• **PROVIDED RECORDS**:
(* Let $\mathcal{I}_{\textsf{BPP}}$ be an instance of the BPP, and consider a solution for $\mathcal{I}_{\textsf{BPP}}$ where $k$ bins are used. If $\mathcal{I}_{\textsf{EVSP}} = f(\mathcal{I}_{\textsf{BPP}})$, then there is a solution for $\mathcal{I}_{\textsf{EVSP}}$ such that $k$ vehicles are used to serve all item customers.
   Context: The electric vehicle sharing problem (EVSP): there is a set of stations, each with a capacity (number of parking spaces) and a number of charging facilities; a fleet of identical electric vehicles with battery capacity $\textsf{L}$ initially located at stations; and a set of customers, each with a set of driving demands $(s^{\text{out}}, t_i, s^{\text{in}}, t_j, \varepsilon)$ (pick-up station, departure time, drop-off station, arrival time, required energy). A demand is fulfilled by a vehicle if the vehicle is at the pick-up station at time $t_i$, its battery energy is at least $\varepsilon$, and there is a free parking space at the drop-off station; the vehicle's energy decreases by $\varepsilon$ and increases only by charging at a charging facility. A customer is served iff all its demands are fulfilled; the objective is to maximize the total rental time $\sum (t_j - t_i)$ over demands of served customers. The one-dimensional bin packing problem (BPP): given items $\mathcal{N} = \{1,\dots,n\}$ with sizes $\ell_i \in (0,1]$, find a partition $\{\mathcal{N}_1,\dots,\mathcal{N}_k\}$ of $\mathcal{N}$ such that the sizes in each part sum to at most $1$ and $k$ is minimized. The reduction $f$ maps a BPP instance $\mathcal{I}_{\textsf{BPP}}$ to the EVSP instance $\mathcal{I}_{\textsf{EVSP}}$ with $2n$ customers, each having a single demand: there is a single station $s$ with capacity $n$ and no charging facilities; there are $n$ fully charged vehicles initially at $s$, each with battery capacity $\textsf{L} = 1$; for each item $i \in \mathcal{N}$ there is an item customer with the single demand $(s, 2i, s, 2i+1, \ell_i)$; and there are $n$ dummy customers, each with the single demand $(s, 1, s, 2, \textsf{L})$. Each customer contributes rental time $1$ to the objective, so maximizing total rental time is equivalent to maximizing the number of served customers. *)

From HB Require Import structures.
From mathcomp Require Import all_boot all_order all_algebra.
Set Implicit Arguments. Unset Strict Implicit. Unset Printing Implicit Defensive.
Import Order.TTheory GRing.Theory Num.Theory.
Local Open Scope ring_scope.

Definition bpp_instance (R : realFieldType) (n : nat) (l : 'I_n -> R) : Prop :=
  forall i, 0 < l i <= 1.

(* A (feasible) BPP solution: a partition P of the item set whose blocks
   (the bins) have total size at most 1.  The number of bins used is #|P|. *)
Definition bpp_solution (R : realFieldType) (n : nat) (l : 'I_n -> R)
    (P : {set {set 'I_n}}) : Prop :=
  partition P [set: 'I_n] /\ (forall B, B \in P -> \sum_(i in B) l i <= 1).

Record demand (ns : nat) (R : Type) := Demand {
  d_out : 'I_ns;   (* pick-up station *)
  d_dep : nat;     (* departure time *)
  d_in  : 'I_ns;   (* drop-off station *)
  d_arr : nat;     (* arrival time *)
  d_eps : R        (* required energy *)
}.

Record evsp (R : realFieldType) := EVSP {
  nst    : nat;                       (* stations 'I_nst *)
  cap    : 'I_nst -> nat;             (* parking spaces *)
  nchg   : 'I_nst -> nat;             (* charging facilities *)
  batL   : R;                         (* battery capacity L *)
  rate   : R;                         (* energy charged per time unit *)
  nveh   : nat;                       (* vehicles 'I_nveh *)
  v_init : 'I_nveh -> 'I_nst;         (* initial station *)
  e_init : 'I_nveh -> R;              (* initial energy *)
  ncust  : nat;                       (* customers 'I_ncust *)
  dem    : 'I_ncust -> seq (demand nst R)  (* demands of each customer *)
}.

Arguments cap {R} e _.
Arguments nchg {R} e _.
Arguments v_init {R} e _.
Arguments e_init {R} e _.
Arguments dem {R} e _.

Section EVSPSemantics.
Variables (R : realFieldType) (I : evsp R).

Definition getd (c : 'I_(ncust I)) (j : 'I_(size (dem I c))) : demand (nst I) R :=
  tnth (in_tuple (dem I c)) j.
Arguments getd c j : clear implicits.

(* A solution: which vehicle fulfills which demand, together with the
   (discrete-time) trajectory of each vehicle: its position at each time
   (None = on the road), its energy, and whether it is charging during
   [t, t+1). *)
Record solution := Solution {
  asg : forall c : 'I_(ncust I), 'I_(size (dem I c)) -> option 'I_(nveh I);
  pos : 'I_(nveh I) -> nat -> option 'I_(nst I);
  en  : 'I_(nveh I) -> nat -> R;
  chg : 'I_(nveh I) -> nat -> bool
}.
Arguments asg s c _ : clear implicits.
Arguments pos s v t.
Arguments en s v t.
Arguments chg s v t.

Variable S : solution.

Definition driving (v : 'I_(nveh I)) (t : nat) : Prop :=
  exists (c : 'I_(ncust I)) (j : 'I_(size (dem I c))), asg S c j = Some v /\ (d_dep (getd c j) <= t < d_arr (getd c j))%N.

Definition feasible : Prop :=
  (forall v, pos S v 0 = Some (v_init I v) /\ en S v 0 = e_init I v) /\
  (forall v t, 0 <= en S v t <= batL I) /\
  (forall c j v, asg S c j = Some v ->
     let d := getd c j in
     [/\ (d_dep d < d_arr d)%N,
         pos S v (d_dep d) = Some (d_out d),
         pos S v (d_arr d) = Some (d_in d),
         (forall t, (d_dep d < t < d_arr d)%N -> pos S v t = None) &
         (d_eps d <= en S v (d_dep d) /\
          en S v (d_arr d) = en S v (d_dep d) - d_eps d)]) /\
  (* a vehicle fulfills at most one demand at a time *)
  (forall c j c' j' v, asg S c j = Some v -> asg S c' j' = Some v ->
     (c != c') || (val j != val j') ->
     (d_arr (getd c j) <= d_dep (getd c' j'))%N \/
     (d_arr (getd c' j') <= d_dep (getd c j))%N) /\
  (* when not driving, a vehicle stays parked; its energy increases only by
     charging *)
  (forall v t, ~ driving v t ->
     exists s, [/\ pos S v t = Some s, pos S v t.+1 = Some s &
       en S v t <= en S v t.+1 <= en S v t + (if chg S v t then rate I else 0)]) /\
  (forall s t, (#|[set v | chg S v t & pos S v t == Some s]| <= nchg I s)%N) /\
  (forall s t, (#|[set v | pos S v t == Some s]| <= cap I s)%N).

Definition served (c : 'I_(ncust I)) : Prop :=
  forall j, asg S c j <> None.

End EVSPSemantics.
Arguments asg {R I} s c j.
Arguments getd {R} I c j.
Arguments pos {R I} s v t.
Arguments en {R I} s v t.
Arguments chg {R I} s v t.
Arguments feasible {R I} S.
Arguments served {R I} S c.

(* Customers 'I_(n + n): lshift n i (i : 'I_n) is the item customer of item
   i (items are 0-indexed, so item i has demand (s, 2(i+1), s, 2(i+1)+1, l i));
   rshift n _ are the n dummy customers with demand (s, 1, s, 2, L). *)
Definition reduction (R : realFieldType) (n : nat) (l : 'I_n -> R) : evsp R :=
  @EVSP R 1 (fun _ => n) (fun _ => 0%N) 1 1 n (fun _ => ord0) (fun _ => 1)
    (n + n)
    (fun c => match split c with
              | inl i => [:: Demand ord0 (2 * i.+1) ord0 (2 * i.+1).+1 (l i)]
              | inr _ => [:: Demand ord0 1 ord0 2 1]
              end).

Definition item_vehicles (R : realFieldType) (n : nat) (l : 'I_n -> R)
    (S : solution (reduction l)) : {set 'I_(nveh (reduction l))} :=
  [set v | [exists i : 'I_n, [exists j, asg S (lshift n i) j == Some v]]].

(* Serve the items of each bin by one vehicle, named after a representative
   item of the bin (a transversal of the partition), so that exactly #|P|
   vehicles are used; dummy customers are left unserved.  Item i is driven
   during the slot [2(i+1), 2(i+1)+1], so no two item trips overlap, and the
   charge of a vehicle at time t is 1 minus the sizes of the items of its bin
   already delivered, which stays in [0, 1] because the bin has size at most 1. *)

From mathcomp Require Import all_boot all_order all_algebra zify.
Import Order.TTheory GRing.Theory Num.Theory.
Set Implicit Arguments. Unset Strict Implicit. Unset Printing Implicit Defensive.
Local Open Scope ring_scope.

Lemma ler_sum_subpred (R : numDomainType) (I : finType) (P Q : pred I)
    (F : I -> R) :
  (forall i, P i -> 0 <= F i) -> \sum_(i | P i && Q i) F i <= \sum_(i | P i) F i.
Proof.
move=> F_ge0; rewrite [leRHS](bigID Q) /= lerDl.
by apply: sumr_ge0 => i /andP[/F_ge0].
Qed.

Section PartitionRepresentative.
Variables (T : finType) (P : {set {set T}}).
Hypothesis partP : partition P [set: T].

Let X := transversal P [set: T].
Let trX : is_transversal X P [set: T] := transversalP partP.

Definition pblock_repr (x : T) : T := transversal_repr x X (pblock P x).

Lemma pblock_mem_setT x : pblock P x \in P.
Proof. by case/and3P: partP => /eqP covP _ _; rewrite pblock_mem // covP inE. Qed.

Lemma pblock_reprK x : pblock P (pblock_repr x) = pblock P x.
Proof. exact: (transversal_reprK trX _ (pblock_mem_setT x)). Qed.

Lemma eq_pblock_repr x y : (pblock_repr y == pblock_repr x) = (y \in pblock P x).
Proof.
case/and3P: partP => /eqP covP tiP _.
rewrite -eq_pblock ?covP ?inE //; apply/eqP/eqP => [eq_yx | eq_xy].
  by rewrite -pblock_reprK -eq_yx pblock_reprK.
rewrite /pblock_repr -eq_xy; apply/set1_inj.
by rewrite -!(setI_transversal_pblock trX) // pblock_mem_setT.
Qed.

Lemma card_pblock_repr : #|pblock_repr @: [set: T]| = #|P|.
Proof.
rewrite -(card_transversal trX); suff -> : pblock_repr @: [set: T] = X by [].
apply/setP => x; apply/imsetP/idP => [[y _ ->] | Xx].
  exact/(repr_mem_transversal trX)/pblock_mem_setT.
by exists x; rewrite // /pblock_repr (pblockK trX).
Qed.

End PartitionRepresentative.

Lemma bin_load_le1 (R : realFieldType) (n : nat) (l : 'I_n -> R) P :
  bpp_solution l P -> forall v, \sum_(i | pblock_repr P i == v) l i <= 1.
Proof.
case=> partP binP v.
case: (pickP (fun i => pblock_repr P i == v)) => [i /eqP <- | none].
  by under eq_bigl do rewrite (eq_pblock_repr partP); exact/binP/pblock_mem_setT.
by rewrite big_pred0 // ler01.
Qed.

Lemma split_lshift m n (i : 'I_m) : split (lshift n i) = inl i.
Proof. exact: (unsplitK (inl i)). Qed.

Section ReductionDemands.
Variables (R : realFieldType) (n : nat) (l : 'I_n -> R).

Lemma size_dem_reduction c : size (dem (reduction l) c) = 1%N.
Proof. by rewrite /=; case: (split c). Qed.

Lemma reduction_demand_index0 c (j : 'I_(size (dem (reduction l) c))) :
  nat_of_ord j = 0%N.
Proof. by move: (nat_of_ord j) (ltn_ord j); rewrite size_dem_reduction; case. Qed.

Lemma getd_reduction_item c j i : split c = inl i ->
  getd (reduction l) c j = Demand ord0 (2 * i.+1) ord0 (2 * i.+1).+1 (l i).
Proof.
move=> Ec; rewrite /getd (tnth_nth (Demand ord0 0 ord0 0 0)).
by rewrite reduction_demand_index0 /= Ec.
Qed.

End ReductionDemands.

Section Fleet.
Variables (R : realFieldType) (n : nat) (l : 'I_n -> R) (vehicle : 'I_n -> 'I_n).
Hypothesis l_ge0 : forall i, 0 <= l i.
Hypothesis load_le1 : forall v, \sum_(i | vehicle i == v) l i <= 1.

Definition fleet_energy (v : 'I_n) (t : nat) : R :=
  1 - \sum_(i | (vehicle i == v) && (2 * i.+1 < t)%N) l i.

Definition fleet_solution : solution (reduction l) :=
  @Solution R (reduction l)
    (fun c _ => if split c is inl i then Some (vehicle i) else None)
    (fun _ _ => Some ord0) fleet_energy (fun _ _ => false).

Lemma fleet_energy0 v : fleet_energy v 0 = 1.
Proof. by rewrite /fleet_energy big_pred0 ?subr0 // => i; rewrite andbF. Qed.

Lemma fleet_energyS v t : fleet_energy v t.+1 =
  fleet_energy v t - \sum_(i | (vehicle i == v) && (2 * i.+1 == t)%N) l i.
Proof.
rewrite /fleet_energy (bigID (fun i : 'I_n => 2 * i.+1 == t)%N) /=.
rewrite opprD addrA addrAC.
by congr (1 - _ - _); apply: eq_bigl => i; rewrite -andbA; congr (_ && _); lia.
Qed.

Lemma fleet_energy_bounds v t : 0 <= fleet_energy v t <= 1.
Proof.
rewrite subr_ge0 lerBlDr lerDl sumr_ge0 ?andbT => [|i _]; last exact: l_ge0.
apply: le_trans (load_le1 v); exact: ler_sum_subpred.
Qed.

Lemma fleet_energy_idle v t : (forall i, vehicle i = v -> (2 * i.+1 != t)%N) ->
  fleet_energy v t.+1 = fleet_energy v t.
Proof.
move=> idle; rewrite fleet_energyS big_pred0 ?subr0 // => i.
by apply/andP => -[/eqP/idle/negP].
Qed.

Lemma fleet_energy_trip i :
  fleet_energy (vehicle i) (2 * i.+1).+1
  = fleet_energy (vehicle i) (2 * i.+1) - l i.
Proof.
rewrite fleet_energyS (big_pred1 i) // => j /=.
by apply/andP/eqP => [[_ /eqP e] | ->]; [apply: ord_inj; lia | rewrite !eqxx].
Qed.

Definition item_demand_index i : 'I_(size (dem (reduction l) (lshift n i))) :=
  cast_ord (esym (size_dem_reduction (lshift n i))) ord0.

Lemma fleet_driving i : driving fleet_solution (vehicle i) (2 * i.+1).
Proof.
exists (lshift n i), (item_demand_index i).
rewrite /= split_lshift (getd_reduction_item _ (split_lshift n i)) /=.
by rewrite leqnn ltnSn.
Qed.

Lemma fleet_feasible : feasible fleet_solution.
Proof.
split; [|split; [|split; [|split; [|split; [|split]]]]].
- by move=> v; rewrite /= fleet_energy0.
- by move=> v t; exact: fleet_energy_bounds.
- move=> c j v /=; case Ec: (split c) => [i|//] [<-].
  rewrite (getd_reduction_item _ Ec) /=; split=> //; first by move=> t; lia.
  have := fleet_energy_bounds (vehicle i) (2 * i.+1).+1.
  by rewrite fleet_energy_trip subr_ge0 => /andP[-> _].
- move=> c j c' j' v /=; rewrite !reduction_demand_index0 orbF.
  case Ec: (split c) => [i|//] _; case Ec': (split c') => [i'|//] _.
  rewrite (getd_reduction_item _ Ec) (getd_reduction_item _ Ec') /=.
  have {Ec Ec'} -> : (c != c') = (i != i').
    by rewrite -(splitK c) -(splitK c') Ec Ec' (can_eq (@unsplitK _ _)) /=.
  move/eqP/val_eqP => /= ne; lia.
- move=> v t not_driving; exists ord0; split=> //=.
  rewrite fleet_energy_idle ?addr0 ?lexx // => i vi; apply/eqP => ti.
  by apply: not_driving; rewrite -vi -ti; exact: fleet_driving.
- by move=> s t; rewrite leqn0 cards_eq0; apply/eqP/setP => v; rewrite !inE.
- by move=> s t; apply: leq_trans (max_card _) _; rewrite card_ord.
Qed.

Lemma fleet_serves_item i : served fleet_solution (lshift n i).
Proof. by move=> j; rewrite /= split_lshift. Qed.

Lemma item_vehicles_fleet : item_vehicles fleet_solution = vehicle @: [set: 'I_n].
Proof.
apply/setP => v; rewrite inE.
apply/existsP/imsetP => [[i /existsP[j]] | [i _ ->]].
  by rewrite /= split_lshift => /eqP[<-]; exists i; rewrite ?inE.
by exists i; apply/existsP; exists (item_demand_index i); rewrite /= split_lshift.
Qed.

End Fleet.

Theorem proposition5 (R : realFieldType) (n : nat) (l : 'I_n -> R)
    (P : {set {set 'I_n}}) (k : nat) :
  bpp_instance l -> bpp_solution l P -> #|P| = k ->
  exists S : solution (reduction l),
    [/\ feasible S,
        (forall i : 'I_n, served S (lshift n i)) &
        #|item_vehicles S| = k].
Proof.
move=> sizes binsP <-; have l_ge0 i : 0 <= l i by case/andP: (sizes i) => /ltW.
exists (fleet_solution l (pblock_repr P)); split.
- exact: fleet_feasible l_ge0 (bin_load_le1 binsP).
- exact: fleet_serves_item.
- by rewrite item_vehicles_fleet (card_pblock_repr binsP.1).
Qed.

• **WHAT IS EXPECTED**: Reproduce the lines above, beginning at the line with "by apply: not_driving;" and stopping after the line with "exists (fleet_solution l", exactly as they are.

• **TASK RESULT**:
  by apply: not_driving; rewrite -vi -ti; exact: fleet_driving.
- by move=> s t; rewrite leqn0 cards_eq0; apply/eqP/setP => v; rewrite !inE.
- by move=> s t; apply: leq_trans (max_card _) _; rewrite card_ord.
Qed.

Lemma fleet_serves_item i : served fleet_solution (lshift n i).
Proof. by move=> j; rewrite /= split_lshift. Qed.

Lemma item_vehicles_fleet : item_vehicles fleet_solution = vehicle @: [set: 'I_n].
Proof.
apply/setP => v; rewrite inE.
apply/existsP/imsetP => [[i /existsP[j]] | [i _ ->]].
  by rewrite /= split_lshift => /eqP[<-]; exists i; rewrite ?inE.
by exists i; apply/existsP; exists (item_demand_index i); rewrite /= split_lshift.
Qed.

End Fleet.

Theorem proposition5 (R : realFieldType) (n : nat) (l : 'I_n -> R)
    (P : {set {set 'I_n}}) (k : nat) :
  bpp_instance l -> bpp_solution l P -> #|P| = k ->
  exists S : solution (reduction l),
    [/\ feasible S,
        (forall i : 'I_n, served S (lshift n i)) &
        #|item_vehicles S| = k].
Proof.
move=> sizes binsP <-; have l_ge0 i : 0 <= l i by case/andP: (sizes i) => /ltW.
exists (fleet_solution l (pblock_repr P)); split.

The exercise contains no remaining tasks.